In dissent, Pelletier JA argued that granting a producer the right to use an existing work was similar to the service provided by hotels and car rental agencies by allowing others to use their property, and therefore the Tribunal's interpretation of "provision of services" was reasonable. Because scale agreements do not apply to works for which the copyright has been assigned to a collective society, but rather only where the artist alone has the right to grant licences to use his or her work, there was no conflict between the two Acts. Applying Royal Oak Mines, he concluded that an objective assessment supported the Tribunal's finding that the NGC had negotiated in bad faith.

==At the Supreme Court==

===Immediate decision===
In a rare move, judgment was given immediately after the hearing. McLachlin CJ declared:

The appeal is allowed, with reasons to follow.

===Reasons given===
In a unanimous decision, Rothstein J held that:

- where a tribunal is interpreting its home statute or statutes closely connected to its function, courts must interpret the question of jurisdiction narrowly;
- the Tribunal's conclusion that the "provision of artists' services" includes assigning or licensing a copyright was reasonable, and the two Acts in question do not conflict; and
- the Tribunal's finding of fact that the NGC failed to bargain in good faith was not unreasonable, and, under Khosa, it was not for courts to reweigh the evidence considered by it.

==Impact==
Following the initial decision, the National Gallery issued a press release, announcing:

The NGC is ready to go back to the negotiation table after the written judgment is rendered.

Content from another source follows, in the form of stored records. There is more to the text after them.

Lemma rfact_shiftS x n :
  x * rfact (x + 1) n.+1 = rfact x n * (x + n%:R) * (x + n%:R + 1).
Proof. by rewrite -rfactSl !rfactS -natr1; ring. Qed.

Lemma rfact_shift2 x n :
  x * (x + 1) * rfact (x + 2) n = rfact x n.+1 * (x + n.+1%:R).
Proof. by rewrite -rfactS !rfactSl -addrA -mulrA. Qed.

Lemma rfact_eq0 x k n : (k < n)%N -> x + k%:R = 0 -> rfact x n = 0.
Proof. by move=> lt_kn xk0; rewrite /rfact (bigD1 (Ordinal lt_kn)) //= xk0 mul0r. Qed.

Lemma rfact_oppn_eq0 i n : (i < n)%N -> rfact (- i%:R : R) n = 0.
Proof. by move=> lt_in; apply: (rfact_eq0 lt_in); rewrite addNr. Qed.

Lemma rfact_neq0 x n : (forall k, (k < n)%N -> x + k%:R != 0) -> rfact x n != 0.
Proof. by move=> xk_neq0; apply/prodf_neq0 => k _; apply: xk_neq0. Qed.

Lemma rfact_oppnS i n : rfact (- i.+1%:R : R) n.+1 = - i.+1%:R * rfact (- i%:R) n.
Proof. by rewrite rfactSl -natr1 opprD addrNK. Qed.

Lemma natr_rfact_oppn_pred i n :
  i%:R * rfact (- i.-1%:R : R) n = - rfact (- i%:R) n.+1.
Proof.
case: i => [|i]; first by rewrite mul0r rfact_oppn_eq0 ?oppr0.
by rewrite rfact_oppnS /= mulNr opprK.
Qed.

Lemma natr_fact_neq0 n : (n`!)%:R != 0 :> R.
Proof. by rewrite pnatr_eq0 -lt0n fact_gt0. Qed.

End RisingFactorial.

Section ThreeTermRecurrence.
Variable F : fieldType.

Section NodeSeries.
Variables (nu : nat -> F) (M : nat).

Definition nodeProd (y : F) (n : nat) : F := \prod_(k < n) (nu k - y).

Definition nodeSeries (a : nat -> F) (y : F) : F :=
  \sum_(n < M.+1) a n * nodeProd y n.

Lemma nodeProdS y n : nodeProd y n.+1 = nodeProd y n * (nu n - y).
Proof. by rewrite /nodeProd big_ord_recr. Qed.

Lemma nodeSeries_const (a : nat -> F) y :
  a 0 = 1 -> (forall n, a n.+1 = 0) -> nodeSeries a y = 1.
Proof.
move=> a0 aS; rewrite /nodeSeries big_ord_recl big1 => [|n _].
  by rewrite a0 /nodeProd big_ord0 !mulr1 addr0.
by rewrite aS mul0r.
Qed.

Lemma nodeSeries_trunc (a : nat -> F) y i : (i <= M)%N ->
  (forall n, (i < n)%N -> a n = 0) ->
  nodeSeries a y = \sum_(n < i.+1) a n * nodeProd y n.
Proof.
move=> le_iM a_gt_i; rewrite /nodeSeries.
rewrite [RHS](big_ord_widen M.+1 (fun n => a n * nodeProd y n)) //.
rewrite [RHS]big_mkcond; apply: eq_bigr => n _; case: ltnP => // le_in.
by rewrite a_gt_i ?mul0r.
Qed.

Lemma nodeSeries_three_term (a0 a1 a2 : nat -> F) (A C y : F) :
  a1 M = 0 ->
  A * a2 0 - (A + C) * a1 0 + C * a0 0 = nu 0 * a1 0 ->
  (forall m, (m < M)%N ->
     A * a2 m.+1 - (A + C) * a1 m.+1 + C * a0 m.+1 = nu m.+1 * a1 m.+1 - a1 m) ->
  y * nodeSeries a1 y
  = A * nodeSeries a2 y - (A + C) * nodeSeries a1 y + C * nodeSeries a0 y.
Proof.
move=> a1M coef0 coefS.
pose nuSeries := \sum_(n < M.+1) nu n * a1 n * nodeProd y n.
transitivity (nuSeries - \sum_(n < M.+1) a1 n * nodeProd y n.+1).
  rewrite /nodeSeries mulr_sumr -sumrB.
  by apply: eq_bigr => n _; rewrite nodeProdS; ring.
rewrite [X in _ - X]big_ord_recr /= a1M mul0r addr0.
transitivity (\sum_(n < M.+1)
    (A * a2 n - (A + C) * a1 n + C * a0 n) * nodeProd y n); last first.
  rewrite /nodeSeries !mulr_sumr -!sumrB -big_split /=.
  by apply: eq_bigr => n _; ring.
rewrite big_ord_recl /nuSeries big_ord_recl coef0 -addrA; congr (_ + _).
rewrite -sumrB; apply: eq_bigr => m _.
by rewrite coefS //; ring.
Qed.

Lemma nodeSeries_ratio_three_term (T : nat -> nat -> F) (D w : nat -> F)
    (A C y : F) (i : nat) :
  nu 0 = 0 -> D 0 = 1 -> (forall j, T j 0 = 1) ->
  (forall n, D n.+1 = D n * w n) -> (forall n, (n < M)%N -> D n.+1 != 0) ->
  T i M = 0 ->
  (forall m, (m < M)%N ->
     A * T i.+1 m.+1 - (A + C) * T i m.+1 + C * T i.-1 m.+1
     = nu m.+1 * T i m.+1 - w m * T i m) ->
  let a j n := T j n / D n in
  y * nodeSeries (a i) y
  = A * nodeSeries (a i.+1) y - (A + C) * nodeSeries (a i) y
    + C * nodeSeries (a i.-1) y.
Proof.
move=> nu0 D0 T0 DS D_neq0 TiM numer a.
apply: nodeSeries_three_term => [|| m lt_mM]; rewrite /a.
- by rewrite TiM mul0r.
- by rewrite D0 !T0 nu0; ring.
have := D_neq0 m lt_mM; rewrite DS mulf_eq0 negb_or => /andP[Dm_neq0 wm_neq0].
transitivity
  ((A * T i.+1 m.+1 - (A + C) * T i m.+1 + C * T i.-1 m.+1) / (D m * w m)).
  by field; rewrite Dm_neq0 wm_neq0.
by rewrite numer //; field; rewrite Dm_neq0 wm_neq0.
Qed.

End NodeSeries.

Lemma three_term_recurrence_eq (A B C f g : nat -> F) (N : nat) :
  f 0 = g 0 ->
  (forall i, (i < N)%N -> A i != 0) ->
  (forall i, (i < N)%N -> A i * f i.+1 = B i * f i - C i * f i.-1) ->
  (forall i, (i < N)%N -> A i * g i.+1 = B i * g i - C i * g i.-1) ->
  forall i, (i <= N)%N -> f i = g i.
Proof.
move=> fg0 A_neq0 recf recg i; elim/ltn_ind: i => -[// | i] IH lt_iN.
apply: (mulfI (A_neq0 i lt_iN)); rewrite recf // recg //.
have le_iN := ltnW lt_iN; have le_pred_i := leq_pred i.
by rewrite (IH i) // (IH i.-1) // ?(leq_trans le_pred_i).
Qed.

End ThreeTermRecurrence.

Lemma poly_eq_on_points (F : idomainType) (p q : {poly F}) (xs : seq F) :
  uniq xs -> (size p <= size xs)%N -> (size q <= size xs)%N ->
  {in xs, forall x, p.[x] = q.[x]} -> p = q.
Proof.
move=> xs_uniq size_p size_q pq_xs; apply/eqP; rewrite -subr_eq0; apply/eqP.
apply: (roots_geq_poly_eq0 (rs := xs)) => //.
  by apply/allP => x x_xs; rewrite rootE hornerD hornerN pq_xs // subrr.
by rewrite (leq_trans (size_polyD _ _)) // size_polyN geq_max size_p.
Qed.

Lemma size_racahPoly (R : realType) (al be ga de : R) (i : nat) :
  (size (racahPoly al be ga de i) <= i.+1)%N.
Proof.
rewrite /racahPoly (leq_trans (size_sum _ _ _)) //; apply/bigmax_leqP => k _.
rewrite (leq_trans (size_scale_leq _ _)) // (leq_trans (size_poly_prod_leq _ _)) //.
under eq_bigr do rewrite -opprB size_polyN size_XsubC.
rewrite sum_nat_const card_ord muln2; have := ltn_ord k; lia.
Qed.

Section DualHahnRacah.
Variables (R : realType) (d : nat) (r : R).

Lemma theta_opp i : theta d r (- r) i = (d%:R - i%:R) * (d%:R - i%:R + 1).
Proof. by rewrite /theta; ring. Qed.

Lemma theta_opp_inj a b : (a <= d)%N -> (b <= d)%N ->
  theta d r (- r) a = theta d r (- r) b -> a = b.
Proof.
rewrite !theta_opp -!(ler_nat R) => le_ad le_bd theta_ab.
have : (a%:R - b%:R : R) * (a%:R + b%:R - 2 * d%:R - 1)
    = (d%:R - a%:R) * (d%:R - a%:R + 1) - (d%:R - b%:R) * (d%:R - b%:R + 1).
  by ring.
rewrite theta_ab subrr => /eqP; rewrite mulf_eq0 => /orP[|/eqP ?]; last by exfalso; lra.
by rewrite subr_eq0 eqr_nat => /eqP.
Qed.

Lemma theta_double j :
  theta d r (- r) (2 * j) = (d%:R - 2 * j%:R) * (d%:R - 2 * j%:R + 1).
Proof. by rewrite theta_opp natrM. Qed.

Lemma theta_reflect j : (j <= d)%N ->
  theta d r (- r) (2 * (d - j) + 1) = (d%:R - 2 * j%:R) * (d%:R - 2 * j%:R + 1).
Proof. by move=> le_jd; rewrite theta_opp natrD natrM natrB //; ring. Qed.

Lemma theta_double_or_reflect i : (i <= d)%N -> exists2 j, (j <= d)%N &
  (d%:R - 2 * j%:R) * (d%:R - 2 * j%:R + 1) = theta d r (- r) i.
Proof.
move=> le_id; have := odd_double_half i; rewrite -muln2.
case: (odd i) => /= i_eq.
  exists (d - i./2)%N; first by lia.
  by rewrite -theta_reflect; [congr (theta _ _ _ _); lia | lia].
exists i./2; first by lia.
by rewrite -theta_double; congr (theta _ _ _ _); lia.
Qed.

Definition dualHahnNode (n : nat) : R := n%:R * (n%:R - 2 * d%:R - 1).
Definition dualHahnNumer (i n : nat) : R := rfact (- i%:R) n.
Definition dualHahnStep (n : nat) : R := (r - d%:R + n%:R) * (- d%:R + n%:R) * n.+1%:R.
Definition recA (i : nat) : R := (i%:R + r - d%:R) * (i%:R - d%:R).
Definition recC (i : nat) : R := i%:R * (i%:R + r).

Lemma dualHahnNumer_rec i m :
  recA i * dualHahnNumer i.+1 m.+1 - (recA i + recC i) * dualHahnNumer i m.+1
    + recC i * dualHahnNumer i.-1 m.+1
  = dualHahnNode m.+1 * dualHahnNumer i m.+1 - dualHahnStep m * dualHahnNumer i m.
Proof.
have down : recC i * dualHahnNumer i.-1 m.+1 = - (i%:R + r) * rfact (- i%:R) m.+2.
  by rewrite /recC mulrAC natr_rfact_oppn_pred; ring.
rewrite down /dualHahnNumer rfact_oppnS !rfactS /recA /recC /dualHahnNode /dualHahnStep -!natr1.
ring.
Qed.

Definition alpha : R := - d%:R - 1.
Definition beta : R := r.
Definition gamma : R := (r - d%:R - 1) / 2.
Definition delta : R := - ((r + d%:R) / 2) - 1.

Definition racahNode (n : nat) : R := n%:R * (n%:R + gamma + delta + 1).
Definition racahNumer (i n : nat) : R :=
  rfact (- i%:R) n * rfact (i%:R + alpha + beta + 1) n.
Definition racahStep (n : nat) : R :=
  (alpha + 1 + n%:R) * (beta + delta + 1 + n%:R) * (gamma + 1 + n%:R) * n.+1%:R.

Lemma racahNumer_rec i m :
  recA i / 4 * racahNumer i.+1 m.+1 - (recA i / 4 + recC i / 4) * racahNumer i m.+1
    + recC i / 4 * racahNumer i.-1 m.+1
  = racahNode m.+1 * racahNumer i m.+1 - racahStep m * racahNumer i m.
Proof.
set c := i%:R + alpha + beta + 1.
have down : recC i * racahNumer i.-1 m.+1
    = - (i%:R + r) * rfact (- i%:R) m.+2 * ((c - 1) * rfact c m).
  rewrite /recC mulrAC /racahNumer mulrA natr_rfact_oppn_pred.
  case: i @c => [|i] c; first by rewrite rfact_oppn_eq0 //; ring.
  have -> : i.+1.-1%:R + alpha + beta + 1 = c - 1 by rewrite /c -natr1; ring.
  by rewrite (rfactSl (c - 1)) subrK; ring.
have up : recA i * racahNumer i.+1 m.+1
    = (i%:R - d%:R) * - i.+1%:R * rfact (- i%:R) m * (c * rfact (c + 1) m.+1).
  have -> : recA i = c * (i%:R - d%:R) by rewrite /recA /c /alpha /beta; ring.
  rewrite /racahNumer.
  have -> : i.+1%:R + alpha + beta + 1 = c + 1 by rewrite /c -natr1; ring.
  by rewrite rfact_oppnS; ring.
rewrite [recA i / 4 * _]mulrAC [recC i / 4 * _]mulrAC up down /racahNumer -/c rfact_shiftS !rfactS.
rewrite /racahNode /racahStep /recA /recC /c /alpha /beta /gamma /delta -!natr1.
by field.
Qed.

Definition dualHahnDenom (n : nat) : R := rfact (r - d%:R) n * rfact (- d%:R) n * (n`!)%:R.
Definition racahDenom (n : nat) : R :=
  rfact (alpha + 1) n * rfact (beta + delta + 1) n * rfact (gamma + 1) n * (n`!)%:R.

Lemma dualHahnDenomS n : dualHahnDenom n.+1 = dualHahnDenom n * dualHahnStep n.
Proof. by rewrite /dualHahnDenom /dualHahnStep !rfactS factS natrM; ring. Qed.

Before the Supreme Court issued its ruling, concern was expressed as to whether the parties would have fared better if they had continued negotiations, as well as pointing out that a ruling in CARFAC/RAAV's favour would be expensive for the NGC and other galleries across the country. As well, it will also have serious implications for more obscure artists who may want to waive their minimum fee and negotiate freely with the gallery.